It took me some time to find the right parameters to compare Ethereum (ETH) with the other smart contract cryptos. I wanted to keep it simple:
- First, there is the Fully Diluted Valuation (FDV). That's the max supply multiplied by the price of the crypto. So it takes into account all the new coins or tokens that can be minted.
- Then, there is the Total Value Locked (TVL). It shows how much value is locked in the DeFi (Decentralized Finance) protocols on the chain of the coin or token.
The result below is given for 5 cryptos: Ethereum (ETH), Arbitrum (ARB), Polygon (MATIC), Optimism (OP) and Solana (SOL).

The lower the FDV/TVL ratio is, the better it is:
- ETH and ARB seem to be currently the best assets.
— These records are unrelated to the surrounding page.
Lemma exp_others_bounds :
  exp (Xs c - deltaX K Xs c) <= exp_others <= INR K * exp (Xs c - deltaX K Xs c).
Proof.
  split.
  - destruct max_others_attained as [j [Hj [Hjc <-]]].
    replace (exp (Xs j)) with (if Nat.eqb j c then 0 else exp (Xs j))
      by (destruct (Nat.eqb_spec j c); [lia|reflexivity]).
    apply (sumR_ge_term K (fun i => if Nat.eqb i c then 0 else exp (Xs i)) j); [|exact Hj].
    intros i _. destruct (i =? c)%nat; [lra|left; apply exp_pos].
  - unfold exp_others. rewrite <- sumR_const. apply sumR_le. intros j Hj.
    destruct (Nat.eqb_spec j c); [left; apply exp_pos|].
    apply exp_le_mono. rewrite <- max_others_eq. apply Rmax_list_ge, in_others; auto.
Qed.

Lemma neg_ln_softmax :
  - ln (softmax K Xs c) = ln (1 + exp_others * exp (- Xs c)).
Proof.
  unfold softmax. rewrite (sumR_split K _ c Hc). fold exp_others.
  pose proof (exp_pos (Xs c)). pose proof (proj1 exp_others_bounds).
  pose proof (exp_pos (Xs c - deltaX K Xs c)).
  rewrite exp_Ropp.
  replace (exp (Xs c) / (exp (Xs c) + exp_others))
    with (/ (1 + exp_others * / exp (Xs c))) by (field; lra).
  rewrite ln_Rinv; [ring|].
  assert (0 < exp_others * / exp (Xs c)) by (apply Rmult_lt_0_compat;
    [|apply Rinv_0_lt_compat]; lra). lra.
Qed.

Lemma exp_others_scaled_bounds :
  exp (- deltaX K Xs c) <= exp_others * exp (- Xs c) <= INR K * exp (- deltaX K Xs c).
Proof.
  replace (- deltaX K Xs c) with ((Xs c - deltaX K Xs c) + - Xs c) by ring.
  rewrite exp_plus. pose proof (exp_pos (- Xs c)).
  destruct exp_others_bounds. split; nra.
Qed.

Lemma cross_entropy_ge : ln (1 + exp (- deltaX K Xs c)) <= - ln (softmax K Xs c).
Proof.
  rewrite neg_ln_softmax. pose proof (exp_pos (- deltaX K Xs c)).
  apply ln_le_mono; [lra|]. pose proof exp_others_scaled_bounds. lra.
Qed.

Lemma cross_entropy_le : - ln (softmax K Xs c) <= INR K * exp (- deltaX K Xs c).
Proof.
  rewrite neg_ln_softmax. destruct exp_others_scaled_bounds.
  pose proof (exp_pos (- deltaX K Xs c)).
  eapply Rle_trans; [apply ln_1p_le|]; lra.
Qed.

Lemma cross_entropy_nonneg : 0 <= - ln (softmax K Xs c).
Proof.
  eapply Rle_trans; [|apply cross_entropy_ge]. rewrite <- ln_1.
  pose proof (exp_pos (- deltaX K Xs c)). apply ln_le_mono; lra.
Qed.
However, Ethereum has an advantage, since all the gas fees on Ethereum are paid in ETH, and the layer-2 chains built on top of Ethereum mainnet like Arbitrum need to pay gas fees in ETH too...
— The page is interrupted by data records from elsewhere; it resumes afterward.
(* Let $\mathcal{M}=(S,A,AP,L,I)$ be an interval Markov decision process and let $s,t\in S$ with $s\sim_{(\forall)} t$. Then for every PCTL state formula $\varphi$ we have $s\models_{(\exists)}\varphi$ if and only if $t\models_{(\exists)}\varphi$.
   Context: An interval MDP (IMDP) is a tuple $(S,A,AP,L,I)$ with $S$ a finite set of states, $A$ a finite set of actions, $AP$ a finite set of atomic propositions, $L:S\to 2^{AP}$ a labelling, and $I:S\times A\times S\to\mathbb{I}$ where $\mathbb{I}$ is a set of subintervals of $[0,1]$. For $s\in S,a\in A$, write $s\xrightarrow{a}\mu$ if $\mu$ is a probability distribution on $S$ with $\mu(s')\in I(s,a,s')$ for all $s'$; the set $\Gamma_{s,a}=\{\mu\mid s\xrightarrow{a}\mu\}$ is required to be non-empty. A scheduler is a function $\sigma$ from finite paths to distributions over $A$; a nature is a function $\pi$ mapping a finite path $\omega$ and action $a$ to an element of $\Gamma_{\mathrm{last}(\omega),a}$, where $\mathrm{last}(\omega)$ is the last state of $\omega$. $\Sigma,\Pi$ denote the sets of all schedulers and natures. $\Pr^{\sigma,\pi}_s$ is the unique probability measure on infinite paths (cylinder $\sigma$-algebra) with the one-state cylinder of $s'$ having probability $1$ iff $s'=s$ (else $0$), and $\Pr^{\sigma,\pi}_s[\mathrm{Cyl}(\omega s')]=\Pr^{\sigma,\pi}_s[\mathrm{Cyl}(\omega)]\cdot\sum_{a}\sigma(\omega)(a)\pi(\omega,a)(s')$. PCTL: state formulas $\varphi::=\mathit{true}\mid x\mid\neg\varphi\mid\varphi_1\wedge\varphi_2\mid \mathsf{P}_{\bowtie p}(\psi)$, path formulas $\psi::=\mathsf{X}\varphi\mid\varphi_1\mathsf{U}\varphi_2\mid\varphi_1\mathsf{U}^{\le k}\varphi_2$ ($x\in AP$, rational $p\in[0,1]$, $\bowtie\in\{\le,<,\ge,>\}$, $k\in\mathbb{N}$). The relation $\models_{(\exists)}$: $s\models x$ iff $x\in L(s)$; negation, conjunction as usual; $s\models_{(\exists)}\mathsf{P}_{\bowtie p}(\psi)$ iff there exist $\sigma\in\Sigma$ and $\pi\in\Pi$ with $\Pr^{\sigma,\pi}_s[\{\omega\mid\omega\models_{(\exists)}\psi\}]\bowtie p$. For $\omega=s_1s_2\cdots$: $\omega\models\mathsf{X}\varphi$ iff $s_2\models\varphi$; $\omega\models\varphi_1\mathsf{U}^{\le k}\varphi_2$ iff some $i\le k$ has $s_i\models\varphi_2$ and $s_j\models\varphi_1$ for all $j<i$; $\omega\models\varphi_1\mathsf{U}\varphi_2$ iff $\omega\models\varphi_1\mathsf{U}^{\le k}\varphi_2$ for some $k$. Cooperative bisimulation: write $s\to\mu$ if $\mu$ lies in the convex hull of $\bigcup_{a\in A}\Gamma_{s,a}$. An equivalence relation $R\subseteq S\times S$ is a probabilistic $(\forall)$-bisimulation if for all $(s,t)\in R$: $L(s)=L(t)$, and for each $s\to\mu$ there is $t\to\nu$ with $\mu(C)=\nu(C)$ for every equivalence class $C$ of $R$. $s\sim_{(\forall)}t$ iff some probabilistic $(\forall)$-bisimulation contains $(s,t)$. *)

From HB Require Import structures.
From mathcomp Require Import all_boot all_order all_algebra.
From mathcomp Require Import all_classical all_reals all_analysis.
Set Implicit Arguments. Unset Strict Implicit. Unset Printing Implicit Defensive.
Import Order.TTheory GRing.Theory Num.Theory.
Local Open Scope classical_set_scope.
Local Open Scope ring_scope.

Definition is_distr (R : realType) (T : finType) (mu : T -> R) : Prop :=
  (forall x, 0 <= mu x) /\ \sum_(x : T) mu x = 1.

Definition gamma_of (R : realType) (S A : finType)
  (I : S -> A -> S -> interval R) (s : S) (a : A) : set (S -> R) :=
  [set mu | is_distr mu /\ forall s', mu s' \in I s a s'].

Record imdp (R : realType) := IMDP {
  st : finType;
  act : finType;
  ap : finType;
  lab : st -> {set ap};
  itv : st -> act -> st -> interval R;
  itv_sub01 : forall s a s' (x : R), x \in itv s a s' -> 0 <= x <= 1;
  gamma_nonempty : forall s a, exists mu, gamma_of itv s a mu
}.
- MATIC and OP are at the same level, i.e., about 50% too expensive compared to ARB... However, as MATIC is used to pay gas fees on Polygon, it has an advantage over OP which is only used for governance.
- SOL is about 4 times too expensive compared to MATIC and 6 times too expensive compared to ETH...
The FDV/TVL ratio is only one of the parameters to be considered. In the short term, the speculation can affect the value of a crypto independently from its TVL. However, in the longer term, this ratio will have an impact on the value of each of these cryptos.
Disclaimer: this article does not contain any financial advice. The information is provided for general informational and educational purposes only.